Australia has now gone 103 consecutive quarters without a recession, beating the record of 102 quarters of growth set by the Netherlands in the 26 years up to the global financial crisis. But there are clouds on the horizon and the lucky country's good fortune might be about to run out.
When Donald Horne wrote in 1964 that Australia was a "lucky country", he meant it as an insult, though it soon came to be used as a feel-good catchall. Horne's point was Australia succeeded, thanks mainly to abundant resources, despite being poorly governed.
In the late 1970s, Singapore's prime minister Lee Kuan Yew said Australia was about to become the "poor white trash of Asia". When the Labor party won power in 1983, the treasurer, and later prime minister, Paul Keating agreed, warning of Australia becoming a "banana republic".

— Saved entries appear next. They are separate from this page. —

(* Let $\Theta$ be a space of input histories. Every input history $h\in\Theta$ has at least one tip event, i.e. $\mathrm{tips}_\Theta(h)\neq\emptyset$; and every extended input history $h\in\mathrm{Ext}(\Theta)$ with $h\notin\Theta$ has no tip events, i.e. $\mathrm{tips}_\Theta(h)=\emptyset$.
   Context: A partial function is a function $f$ with domain $\mathrm{dom}(f)$ a subset of an index set, values in given sets; ordered by restriction ($f\le g$ iff $\mathrm{dom}(f)\subseteq\mathrm{dom}(g)$, $g|_{\mathrm{dom}(f)}=f$). Compatible = agreeing on common domain; a compatible set $\mathcal F$ has join $\bigvee\mathcal F$ (union). $\Theta$ is $\vee$-prime if for compatible $\mathcal F\subseteq\Theta$ with $\bigvee\mathcal F\in\Theta$ we have $\bigvee\mathcal F\in\mathcal F$. A space of input histories is a finite $\vee$-prime set of partial functions; $\mathrm{Ext}(\Theta)=\{\bigvee\mathcal F:\emptyset\ne\mathcal F\subseteq\Theta\text{ compatible}\}$. For $h\in\mathrm{Ext}(\Theta)$, $\mathrm{tips}_\Theta(h)=\mathrm{dom}(h)\setminus\bigcup\{\mathrm{dom}(k):k\in\mathrm{Ext}(\Theta),k<h\}$. *)

From Stdlib Require Import List.

Set Implicit Arguments.

Section PF.
Variables (I : Type) (V : I -> Type).

Definition pfun := forall i : I, option (V i).

Definition dom (f : pfun) (i : I) : Prop := f i <> None.

Definition pf_le (f g : pfun) : Prop :=
  forall i, f i <> None -> g i = f i.

Definition pf_lt (f g : pfun) : Prop := pf_le f g /\ f <> g.

Definition pfset := pfun -> Prop.

Definition subset (A B : pfset) : Prop := forall f, A f -> B f.

Definition compat (f g : pfun) : Prop :=
  forall i x y, f i = Some x -> g i = Some y -> x = y.

Definition compatible (F : pfset) : Prop :=
  forall f g, F f -> F g -> compat f g.

Definition is_join (F : pfset) (g : pfun) : Prop :=
  (forall i, dom g i <-> exists f, F f /\ dom f i) /\
  (forall f, F f -> pf_le f g).

(* Θ is ∨-prime (F ranges over all compatible subsets, including ∅). *)
Definition join_prime (Theta : pfset) : Prop :=
  forall (F : pfset) (g : pfun),
    subset F Theta -> compatible F -> is_join F g -> Theta g -> F g.

Definition finite_set (A : pfset) : Prop :=
  exists l : list pfun, forall f, A f <-> In f l.

Definition input_history_space (Theta : pfset) : Prop :=
  finite_set Theta /\ join_prime Theta.

Definition Ext (Theta : pfset) : pfset := fun h =>
  exists F : pfset, subset F Theta /\ (exists f, F f) /\ compatible F /\
                    is_join F h.

Definition tips (Theta : pfset) (h : pfun) (i : I) : Prop :=
  dom h i /\ ~ (exists k, Ext Theta k /\ pf_lt k h /\ dom k i).

End PF.

(* If h ∈ Θ had no tip event, every event of h would lie in the domain of
   some k ∈ Ext(Θ) with k < h, hence (k being a join of members of Θ) in the
   domain of some member of Θ strictly below h.  Then h would be the join of
   the members of Θ strictly below it, which ∨-primality forbids.  If instead
   h = ∨F ∈ Ext(Θ) \ Θ, every event of h lies in the domain of some f ∈ F,
   and f ∈ Θ lies strictly below h, so no event of h is a tip. *)

From Stdlib Require Import Classical FunctionalExtensionality.

Set Implicit Arguments.
Unset Strict Implicit.

Section InputHistories.
Variables (I : Type) (V : I -> Type).

Lemma pf_le_antisym (f g : pfun V) : pf_le f g -> pf_le g f -> f = g.
Proof.
  intros Hfg Hgf. apply functional_extensionality_dep. intro i.
  destruct (f i) eqn:Ef.
  - rewrite Hfg; rewrite Ef; [reflexivity | discriminate].
  - destruct (g i) eqn:Eg; [| reflexivity].
    rewrite <- Ef, <- Eg. apply Hgf. congruence.
Qed.

Lemma pf_le_trans (f g h : pfun V) : pf_le f g -> pf_le g h -> pf_le f h.
Proof.
  intros Hfg Hgh i Hi. rewrite Hgh; [apply Hfg; exact Hi |].
  rewrite Hfg; exact Hi.
Qed.

Lemma pf_le_lt_trans (f g h : pfun V) : pf_le f g -> pf_lt g h -> pf_lt f h.
Proof.
  intros Hfg [Hgh Hneq]. split; [exact (pf_le_trans Hfg Hgh) |].
  intros ->. apply Hneq, pf_le_antisym; [exact Hgh | exact Hfg].
Qed.

Lemma compatible_le (F : pfset V) (h : pfun V) :
  (forall f, F f -> pf_le f h) -> compatible F.
Proof.
  intros HF f g Hf Hg i x y Efx Egy.
  rewrite <- (HF f Hf i) in Efx by congruence.
  rewrite <- (HF g Hg i) in Egy by congruence.
  congruence.
Qed.

Lemma is_join_cover (F : pfset V) (h : pfun V) :
  (forall i, dom h i -> exists f, F f /\ dom f i) ->
  (forall f, F f -> pf_le f h) -> is_join F h.
Proof.
  intros Hcover Hle. split; [| exact Hle].
  intro i. split; [apply Hcover |].
  intros [f [Hf Hfi]]. unfold dom. rewrite (Hle f Hf i Hfi). exact Hfi.
Qed.

Lemma Ext_mem (Theta : pfset V) (f : pfun V) : Theta f -> Ext Theta f.
Proof.
  intro Hf. exists (fun g => g = f). split; [intros g ->; exact Hf |].
  split; [exists f; reflexivity |].
  assert (Hle : forall g, g = f -> pf_le g f) by (intros g -> i _; reflexivity).
  split; [exact (compatible_le Hle) |].
  apply is_join_cover; [| exact Hle].
  intros i Hi. exists f. split; [reflexivity | exact Hi].
Qed.

Lemma Ext_dom (Theta : pfset V) (k : pfun V) (i : I) :
  Ext Theta k -> dom k i -> exists f, Theta f /\ pf_le f k /\ dom f i.
Proof.
  intros [F [HF [_ [_ [Hdom Hle]]]]] Hki.
  destruct (proj1 (Hdom i) Hki) as [f [Hf Hfi]].
  exists f. auto.
Qed.

Lemma tips_mem (Theta : pfset V) (h : pfun V) :
  join_prime Theta -> Theta h -> exists i, tips Theta h i.
Proof.
  intros Hprime Hh. apply NNPP. intro Hnotip.
  set (F := fun f => Theta f /\ pf_lt f h).
  assert (Hle : forall f, F f -> pf_le f h) by (intros f [_ [Hf _]]; exact Hf).
  assert (Hcover : forall i, dom h i -> exists f, F f /\ dom f i).
  { intros i Hi.
    assert (Hk : exists k, Ext Theta k /\ pf_lt k h /\ dom k i).
    { apply NNPP. intro Hk. apply Hnotip. exists i. split; assumption. }
    destruct Hk as [k [Hk [Hkh Hki]]].
    destruct (Ext_dom Hk Hki) as [f [Hf [Hfk Hfi]]].
    exists f. split; [split; [exact Hf | exact (pf_le_lt_trans Hfk Hkh)] | exact Hfi]. }
  assert (HFh : F h).
  { apply Hprime; [intros f [Hf _]; exact Hf | exact (compatible_le Hle) |
                   exact (is_join_cover Hcover Hle) | exact Hh]. }
  destruct HFh as [_ [_ Hneq]]. apply Hneq. reflexivity.
Qed.

Lemma tips_Ext_notin (Theta : pfset V) (h : pfun V) (i : I) :
  Ext Theta h -> ~ Theta h -> ~ tips Theta h i.
Proof.
  intros Hh Hnotin [Hhi Hnotip].
  destruct (Ext_dom Hh Hhi) as [f [Hf [Hfh Hfi]]].
  apply Hnotip. exists f. split; [exact (Ext_mem Hf) |].
  split; [split; [exact Hfh | intros ->; exact (Hnotin Hf)] | exact Hfi].
Qed.

End InputHistories.

Theorem proposition15 (I : Type) (V : I -> Type) (Theta : pfset V) :
  input_history_space Theta ->
  (forall h, Theta h -> exists i, tips Theta h i) /\
  (forall h, Ext Theta h -> ~ Theta h -> forall i, ~ tips Theta h i).
Proof.
  intros [_ Hprime]. split.
  - intros h Hh. exact (tips_mem Hprime Hh).
  - intros h Hh Hnotin i. exact (tips_Ext_notin Hh Hnotin).
Qed.
Lemma is_part_remove P : is_part setT P -> [set v] \in P ->
  is_part (setT :\ v) (P :\ [set v]).
Proof.
move=> partP vP; apply/andP; split; apply/forall_inP => p /setD1P [pv pP].
  rewrite (part_nonempty partP pP) /=; apply/subsetP => y yp; rewrite !inE andbT.
  by apply: contraNneq (notin_other_part partP pP vP pv) => <-.
apply/forall_inP => q /setD1P [_ qP]; apply/implyP; exact: part_disjoint partP pP qP.
Qed.

Lemma sf_forest_remove P F : is_part setT P -> [set v] \in P ->
  sf_forest ends setT S P F = sf_forest ends (setT :\ v) S (P :\ [set v]) F.
Proof.
move=> partP vP; rewrite /sf_forest; case sub: (F \subset S) => //=.
rewrite (ncomp_isolated sub) (cardsD1 [set v] P) vP eqSS.
have apart p x : p \in P -> p != [set v] -> x \in p -> ~~ connect (adj ends F) v x.
  move=> pP pv xp; apply: contraNN (notin_other_part partP pP vP pv).
  by move=> /(isolated_connect sub) <-.
congr [&& _, _, _ & _].
  apply: forall_in_setD1 => //; apply/forall_inP => x; rewrite inE => /eqP ->.
  by apply/forall_inP => y; rewrite inE => /eqP ->; apply: connect0.
rewrite (forall_in_setD1 vP); last first.
  apply/forall_inP => q qP; apply/implyP => vq; apply/forall_inP => x; rewrite inE => /eqP ->.
  by apply/forall_inP => y; apply: apart; rewrite // eq_sym.
apply: eq_forallb_in => p /setD1P [pv pP]; rewrite (forall_in_setD1 vP) // pv /=.
apply/forall_inP => x xp; apply/forall_inP => y; rewrite inE => /eqP ->.
by rewrite adj_connect_sym; apply: apart pP pv xp.
Qed.

Lemma Phi_singleton_part P (a : E -> int) :
  is_part setT P -> (Phi ends setT S P a != 0)%R -> [set v] \in P.
Proof.
move=> partP; apply: contraR => notv; rewrite /Phi big_pred0 // => F.
by apply: contraNF notv; apply: isolated_singleton_part partP.
Qed.

Lemma Phi_remove P : is_part setT P -> [set v] \in P ->
  Phi ends setT S P = Phi ends (setT :\ v) S (P :\ [set v]).
Proof.
move=> partP vP; apply: functional_extensionality => a.
by apply: eq_bigl => F; apply: sf_forest_remove.
Qed.

Lemma signed_sum_remove c (Q : polyf E) :
  signed_sum ends setT S c Q -> signed_sum ends (setT :\ v) S (c - 2)%N Q.
Proof.
case=> ts [terms ->].
have singleton x : x \in ts -> [set v] \in x.1.2 /\ [set v] \in x.2.
  case/terms => part1 part2 _ /nonzero_witness [a]; rewrite mulf_eq0 negb_or.
  by case/andP => /(Phi_singleton_part part1) -> /(Phi_singleton_part part2) ->.
exists [seq (x.1.1, x.1.2 :\ [set v], x.2 :\ [set v]) | x <- ts]; split.
  move=> _ /mapP [x xts ->] /=; have [part1 part2 colours nonzero] := terms x xts.
  have [v1 v2] := singleton x xts.
  rewrite -!Phi_remove //; split; rewrite ?is_part_remove //.
  move: colours; rewrite (cardsD1 [set v] x.1.2) (cardsD1 [set v] x.2) v1 v2 /=.
  by rewrite !add1n addSn addnS subn2 => <-.
apply: functional_extensionality => a; rewrite big_map.
apply: eq_big_seq => x xts /=; have [v1 v2] := singleton x xts.
by have [part1 part2 _ _] := terms x xts; rewrite -!Phi_remove.
Qed.
End IsolatedVertex.

Section Colours.
Variables (V E : finType) (ends : E -> V * V) (r : V).

(* Comparing degrees of homogeneity: if D^n_G is nonzero and is a signed sum of
   products of pairs of spanning forest polynomials of G minus the n reduced
   edges, then it has exactly n + 2 colours. *)
Lemma reduction_colours (s : seq E) (P : polyf E) c :
  uniq s -> DR ends r s P -> P <> @zerop E ->
  signed_sum ends setT (~: [set x in s]) c P -> c = (size s).+2.
Proof.
move=> uniq_s DRP nzP sumP.
have [p [q [hP degP]]] := DR_homog DRP.
have := homog_degree_unique nzP hP (signed_sum_homog sumP).
have size_s : #|[set x in s]| = size s by rewrite cardsE; apply/card_uniqP.
have := cardsC [set x in s]; have := @nvert_succ V E r; lia.
Qed.
End Colours.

“By the late 1970s, Australia had become, virtually, a Jurassic Park in economic terms, living behind a high tariff wall,’’ Keating told the Sydney Morning Herald newspaper.
Economic reforms
The economic reforms begun by Keating and prime minister Bob Hawke in the 1980s created the basis for an economy that has been growing since 1991. Those reforms included floating the currency, decentralised wage fixing, independence for the Reserve Bank (Australia's central bank) and dismantling high import tariffs.
Those reforms were continued by the conservative Liberal-National coalition when Labor lost power in 1996, and by Labor again when it returned to government in 2007 and saw Australia through the Great Financial Crisis without a recession. Prime minister Kevin Rudd and treasurer Wayne Swan immediately announced a $10.4 billion (€6.88 billion) stimulus package when the financial crash took hold, followed by another $42 billion when it became obvious how deep the crisis was.
Australia was the only developed nation not to go into recession during the global financial crisis
They saved the country. Australia was the only developed nation not to go into recession during the global financial crisis but the ignoble response from opposition leaders Malcolm Turnbull and Tony Abbott (who soon replaced him) to the stimulus and borrowing required sowed the seeds for the difficult times the country now faces.
Abbott, with the backing of much of the Murdoch press, was able to paint Labor as spendthrifts splashing money about unnecessarily. Labor barely clung onto power as a minority government after the 2010 election and lost in a landslide in 2013.
Abbott, who was dumped by his own party in an internal coup in 2015, had helped destroy the public’s faith in economic reform.
His successor, Turnbull, saw his government reduced to a one-seat majority in last year’s election, a result that has made him wary of even attempting much economic reform.
Saying no
Labor, having seen how well Abbott initially did by just saying no to everything, is now copying him and refusing to back the recent budget, much of which was previously Labor policy – such as making school funding fairer to poorer families.
The bipartisan support for economic reform has degenerated to hurler on the ditch sniping which has seen a carbon price come and go, housing become unaffordable to people on average incomes (Sydney’s median house price is now 1.15 million Australian dollars or €770,000) and sensible proposals from one side of politics portrayed as the devil’s work by the other side.
The mining boom which drove much of the prosperity in the last 15 years is slowing as China and India need less of what Australia digs out of the ground, and the dining boom – selling food and drink to Asia’s growing middle class – is not going to replace it any time soon.
Eventually, there has to be a recession. But with unemployment still low at 5.5 per cent, Australia, despite its poor governance, is still the lucky country.